Strong selective sweeps can create regions with differences in allele frequencies and increased genetic differentiation between populations [87]. Genomic intervals containing high levels of F ST between two populations indicate regions potentially under positive selection in one or both lineages [45]. We identified several such genomic intervals displaying signatures of positive selection between the Desert and Savannah populations. First, at each SNP site we calculated the Reich-Patterson estimator of F ST between the two populations (see Additional file 2: Figure S4 for the distribution of F ST ). With a low-sample size, yet a large number of SNP markers, the Reich-Patterson method provides an unbiased and highly powerful estimate of F ST [88]. Negative F ST values are the result of higher genetic differentiation for individuals within a population than between populations. To locate regions of the genome with signatures of positive selection, we then searched for areas with dense concentrations of high scoring SNPs using the “Remarkable Intervals” tool on Galaxy. Furthermore, we performed 1000 randomizations of the data, so that any interval reported had a probability less than 0.001 of being discovered purely by chance. We located 184 such intervals with an average length of 3,633 bp. 112 annotated genes were found in the highest scoring intervals (see Additional file 1: Table S8A for a list of genes and Additional file 1: Table S8B for the results of a GO analysis). One of the genes located in an identified interval was GB46429 (ortholog of Drosophila gene ebony), which is involved in regulation of cuticle sclerotization and pigmentation in Drosophila [89, 90]. Since insect cuticle functions as the first line of defense against environmental stressors, it is possible that in African honey bees these differences represent an adaptation to different climatic and ecological conditions found between the Desert and Savannah regions. Indeed, this gene was also found to be under selection in African Drosophila melanogaster as a likely adaptation to differences in altitude [91]. Additionally, Foxo, identified previously in the ROH test, was found to be located within a high scoring interval.

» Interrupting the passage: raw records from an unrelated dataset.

(* Fix an integer $n\ge 2$ and $\lambda>0$. For $\mu>0$ let $q(t)$, $t\ge 0$, be the continuous-time Markov chain on $\{0,1,\dots,n\}$ with $q(0)=0$ and transition rates: $j\to j+1$ at rate $\lambda$ for $0\le j\le n-1$; $j\to j-1$ at rate $\mu$ for $1\le j\le n-1$; the state $n$ is absorbing. Let $\tau=\inf\{t>0:\ q(t)=n\}$. Then, as $\mu\to\infty$ (with $\lambda$ and $n$ fixed), the random variable $(\lambda/\mu)^{n-1}\tau$ converges in distribution to an exponential random variable with parameter $\lambda$; that is, for every $t\ge 0$, $$\lim_{\mu\to\infty} P\big((\lambda/\mu)^{n-1}\tau>t\big)=e^{-\lambda t},$$ equivalently, for every $s\ge 0$, $\lim_{\mu\to\infty} E\, e^{-s(\lambda/\mu)^{n-1}\tau}=\frac{\lambda}{\lambda+s}$. Moreover, with $P_{n-1}(t)=P(q(t)=n-1,\ \tau>t)$ and $\varphi_{n-1}(s)=\int_0^\infty e^{-st}P_{n-1}(t)\,dt$, one has $\lambda P_{n-1}$ equal to the density of $\tau$ and $$\lim_{\mu\to\infty}\varphi_{n-1}\big((\lambda/\mu)^{n-1}s\big)=\frac{1}{\lambda+s}\quad (s\ge 0).$$
   Context: Model interpretation: a system of $n$ identical elements, one working and the rest in reserve, with one repair device repairing one element at a time; working times are exponential with parameter $\lambda$, repair times exponential with parameter $\mu$, all independent. $q(t)$ is the number of broken elements at time $t$, and $\tau$ is the system failure time (all $n$ elements broken). *)

From Stdlib Require Import Reals Lra Lia.
Open Scope R_scope.
Definition asubst (s : nat -> gterm) (a : atom) : gatom :=
  mkGAtom (apred a) (map (tsubst s) (aargs a)).

Definition rsubst (s : nat -> gterm) (r : rule) : grule :=
  mkGRule (map (asubst s) (rhead r)) (map (lit_map (asubst s)) (rbody r)).

Definition Ground (P : program) : gprogram :=
  fun g => exists r s, P r /\ (forall v, In v (rvars r) -> gwf (s v)) /\ g = rsubst s r.

Definition head_of (r : grule) : gset := fun a => In a (ghead r).
Definition atom_of_rule (r : grule) : gset :=
  fun a => In a (ghead r) \/ exists l, In l (gbody r) /\ lit_atom l = a.
Definition atoms (Q : gprogram) : gset := fun a => exists r, Q r /\ atom_of_rule r a.

Definition reduct (Q : gprogram) (M : gset) : gprogram :=
  fun r' => exists r, Q r /\ (forall B, In (Neg B) (gbody r) -> ~ M B) /\
    r' = mkGRule (ghead r) (filter (fun l => match l with Pos _ => true | Neg _ => false end) (gbody r)).

Definition lit_true (M : gset) (l : lit gatom) : Prop :=
  match l with Pos a => M a | Neg a => ~ M a end.

Definition is_model (Q : gprogram) (M : gset) : Prop :=
  forall r, Q r -> (forall l, In l (gbody r) -> lit_true M l) -> exists a, In a (ghead r) /\ M a.

Definition subset (A B : gset) : Prop := forall a, A a -> B a.

Definition minimal_model (Q : gprogram) (M : gset) : Prop :=
  is_model Q M /\ forall N, subset N M -> is_model Q N -> subset M N.

Definition stable_model (Q : gprogram) (M : gset) : Prop := minimal_model (reduct Q M) M.

Definition consistent_ground (Q : gprogram) : Prop := exists M, stable_model Q M.
Definition consistent (P : program) : Prop := consistent_ground (Ground P).

Definition splitting_set (P : program) (U : gset) : Prop :=
  forall r, Ground P r -> (exists a, head_of r a /\ U a) -> subset (atom_of_rule r) U.

Definition bot (U : gset) (P : program) : gprogram :=
  fun r => Ground P r /\ exists a, head_of r a /\ U a.

(* splitting sequence of length omega: <U_n>_{n < omega}.  Continuity is
   vacuous since there are no limit ordinals below omega. *)
Definition splitting_sequence_omega (P : program) (U : nat -> gset) : Prop :=
  (forall n, splitting_set P (U n)) /\
  (forall m n, m <= n -> subset (U m) (U n)) /\
  (forall a, (exists n, U n a) <-> atoms (Ground P) a).

Definition finite_set (S : gset) : Prop := exists l, forall a, S a -> In a l.

Definition smooth_omega (U : nat -> gset) : Prop :=
  finite_set (U 0) /\ forall n, finite_set (fun a => U (S n) a /\ ~ U n a).

End Programs.

Arguments Pos {A}. Arguments Neg {A}.

(* Each bottom bot_{U_n}(P) is itself split by every U_k with k <= n, and
   restricting a stable model to a splitting set gives a stable model of the
   bottom.  Conversely, pick a stable model M_m of every bottom.  As U_n is
   finite, the restrictions of the M_m to U_n take finitely many values, so
   a Koenig-style argument yields sets X_n, each the restriction of infinitely
   many M_m (hence a stable model of bot_{U_n}(P)), with X_{n+1} restricted
   to U_n equal to X_n.  The union of the X_n restricts to X_n on every U_n,
   and a set whose restrictions to a covering family of splitting sets are
   stable models of the bottoms is a stable model of P. *)
From Stdlib Require Import List Lia Classical ClassicalEpsilon
  FunctionalExtensionality PropExtensionality.
Import ListNotations.
Set Implicit Arguments.

Section Restrictions.
Variable A : Type.

Definition restrict (M U : A -> Prop) : A -> Prop := fun a => M a /\ U a.

Definition inf_often (Q : nat -> Prop) : Prop := forall k, exists m, k <= m /\ Q m.

Lemma set_ext (M N : A -> Prop) : (forall a, M a <-> N a) -> M = N.
Proof.
  intros H. apply functional_extensionality; intros a.
  apply propositional_extensionality, H.
Qed.

Lemma restrict_id (M U : A -> Prop) : (forall a, M a -> U a) -> restrict M U = M.
Proof. intros H. apply set_ext; intros a. unfold restrict; firstorder. Qed.
Lemma alpha_abs_sum_le n : alpha_abs_sum n <= rsum n alpha_incr.
Proof.
  destruct rhoN_aaN as [Ha Hs].
  induction n as [|n IH]; [unfold alpha_abs_sum; simpl; lra|].
  pose proof (alpha_incr_bounds n).
  unfold alpha_abs_sum at 1. rewrite rsum_shift. cbn [rsum].
  rewrite alpha_S1.
  assert (E1 : Rabs (rhoN * alpha N Q n 1 - alpha_incr n)
               <= rhoN * Rabs (alpha N Q n 1) + alpha_incr n).
  { eapply Rle_trans; [apply Rabs_triang|].
    rewrite Rabs_Ropp, Rabs_mult, (Rabs_pos_eq rhoN), (Rabs_pos_eq (alpha_incr n)) by lra. lra. }
  assert (E2 : rsum n (fun k => Rabs (alpha N Q (S n) (S (S k))))
               <= rhoN * rsum n (fun k => Rabs (alpha N Q n (S (S k)))) + aaN * alpha_abs_sum n).
  { unfold alpha_abs_sum. rewrite <- !rsum_scal_l, <- rsum_plus. apply rsum_le. intros k _.
    rewrite alpha_SS. eapply Rle_trans; [apply Rabs_triang|].
    rewrite !Rabs_mult, (Rabs_pos_eq rhoN), (Rabs_pos_eq aaN) by lra. lra. }
  pose proof (alpha_abs_sum_split n). nra.
Qed.

Lemma alpha_abs_sum_bound n : alpha_abs_sum n <= INR n * (2 / INR N ^ 2).
Proof.
  eapply Rle_trans; [apply alpha_abs_sum_le|]. rewrite <- rsum_const.
  apply rsum_le. intros. apply alpha_incr_bounds.
Qed.

End Alpha.

Lemma linear_le_geometric NR eps K n k : 1 <= NR -> 0 < eps <= 1 -> eps < NR ->
  4 <= K -> 2 <= K * eps -> (n <= k + 2)%nat ->
  INR n * (2 / NR ^ 2) <= K * / NR * (NR / (NR - eps)) ^ k.
Proof.
  intros HNR He HeN HK HKe Hnk.
  assert (Hx : 1 + eps / NR <= NR / (NR - eps)).
  { apply Rle_trans with (1 + eps / (NR - eps)); [|right; field; lra].
    apply Rplus_le_compat_l, Rmult_le_compat_l; [lra|]. apply Rinv_le_contravar; lra. }
  assert (Hg : 1 + INR k * (eps / NR) <= (NR / (NR - eps)) ^ k).
  { assert (0 < eps / NR) by (apply Rdiv_lt_0_compat; lra).
    eapply Rle_trans; [apply poly; assumption|]. apply pow_incr. lra. }
  assert (Hn : INR n <= INR k + 2)
    by (apply le_INR in Hnk; rewrite plus_INR in Hnk; simpl in Hnk; lra).
  pose proof (pos_INR k).
  assert (HiN : 0 < / NR) by (apply Rinv_0_lt_compat; lra).
  apply Rle_trans with (K * / NR * (1 + INR k * (eps / NR))).
  2:{ apply Rmult_le_compat_l; [apply Rmult_le_pos|]; lra. }
  replace (INR n * (2 / NR ^ 2)) with (INR n * 2 * (/ NR * / NR)) by (field; lra).
  replace (K * / NR * (1 + INR k * (eps / NR)))
    with ((K * NR + INR k * (K * eps)) * (/ NR * / NR)) by (field; lra).
  apply Rmult_le_compat_r; [nra|]. nra.
Qed.

Lemma prefactor_bounds A eps : 5 <= A -> 0 < eps <= 1 ->
  4 <= / PI * A * ((4 + eps) / eps) /\ 2 <= / PI * A * ((4 + eps) / eps) * eps.
Proof.
  intros HA He.
  assert (Hpi : / 4 <= / PI) by (apply Rinv_le_contravar; [apply PI_RGT_0 | apply PI_4]).
  assert (HY : (4 + eps) / eps * eps = 4 + eps) by (field; lra).
  assert (HY5 : 5 <= (4 + eps) / eps).
  { apply Rmult_le_reg_r with eps; [lra|]. rewrite HY. lra. }
  assert (5 / 4 <= / PI * A) by nra.
  split; [nra|]. rewrite Rmult_assoc, HY. nra.
Qed.

Lemma sqrt2_div_sqrt_1_minus_cos1_ge_1 : 1 <= sqrt 2 / sqrt (1 - cos 1).
Proof.
  assert (Hc : 0 < 1 - cos 1).
  { replace 1 with (2 * (1 / 2)) at 2 by field. rewrite cos_2a_sin.
    assert (0 < sin (1 / 2)) by (apply sin_gt_0; pose proof PI2_1; lra). nra. }
  assert (0 < sqrt (1 - cos 1)) by (apply sqrt_lt_R0; assumption).
  assert (sqrt (1 - cos 1) <= sqrt 2) by (apply sqrt_le_1_alt; pose proof (COS_bound 1); lra).
  apply Rmult_le_reg_r with (sqrt (1 - cos 1)); [assumption|].
  unfold Rdiv. rewrite Rmult_assoc, Rinv_l by lra. lra.
Qed.
Lemma record_nil set nxt k : perm_eq [::] (set ++ iota nxt k) -> set = [::] /\ k = 0.
Proof. by move/perm_size; rewrite size_cat size_iota; case: set; case: k. Qed.

Fixpoint avoiding (R : nat -> nat -> nat -> bool) (s : seq nat) : bool :=
  if s is x :: s' then pairwise (fun b c => ~~ R x b c) s' && avoiding R s'
  else true.

Lemma avoidingP R s : avoiding R s <-> ~ exists i j k,
  [/\ i < j, j < k, k < size s & R (nth 0 s i) (nth 0 s j) (nth 0 s k)].
Proof.
elim: s => [|x s IH] /=; first by split => // _ [i [j [k []]]].
split.
- move=> /andP[/(pairwiseP 0) hx /IH hs] [[|i] [[|j] [[|k] [//= hij hjk hk hR]]]].
  + by move: hR; apply/negP; apply: hx; rewrite ?inE /=; lia.
  + by apply: hs; exists i, j, k.
- move=> hpat; apply/andP; split.
    apply/(pairwiseP 0) => j k hj hk hjk; apply/negP => hR.
    by apply: hpat; exists 0, j.+1, k.+1.
  apply/IH => -[i [j [k [hij hjk hk hR]]]].
  by apply: hpat; exists i.+1, j.+1, k.+1.
Qed.

(* The pattern x ... b ... c where b and c lie below x and appear in the
   order opposite to [r].  With r = gtn this is 312, with r = ltn it is 321. *)
Definition rpattern (r : rel nat) (x b c : nat) : bool := [&& b < x, c < x & r c b].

One of the genes identified with our F ST test is GB42500, an ortholog of the Drosophila Peptidoglycan recognition protein-LC (PGRP-LC). Similarly, Viljakainen et al. (2009) [92] found signatures of positive selection for a PGRP gene in an ant genus Myrmica. We identified several other immune genes including relish (GB55264) which is implicated in honey bee immune response [93, 94]. Interestingly, previous studies have indicated that the Savannah bee populations frequently are infected with two common European viruses (Black queen cell virus and Deformed wing virus) while the Desert bees were virus-free (see Table 1 and Additional file 1: Table S1), however, it is unclear if this difference is due to variability in immune competence or exposure [12].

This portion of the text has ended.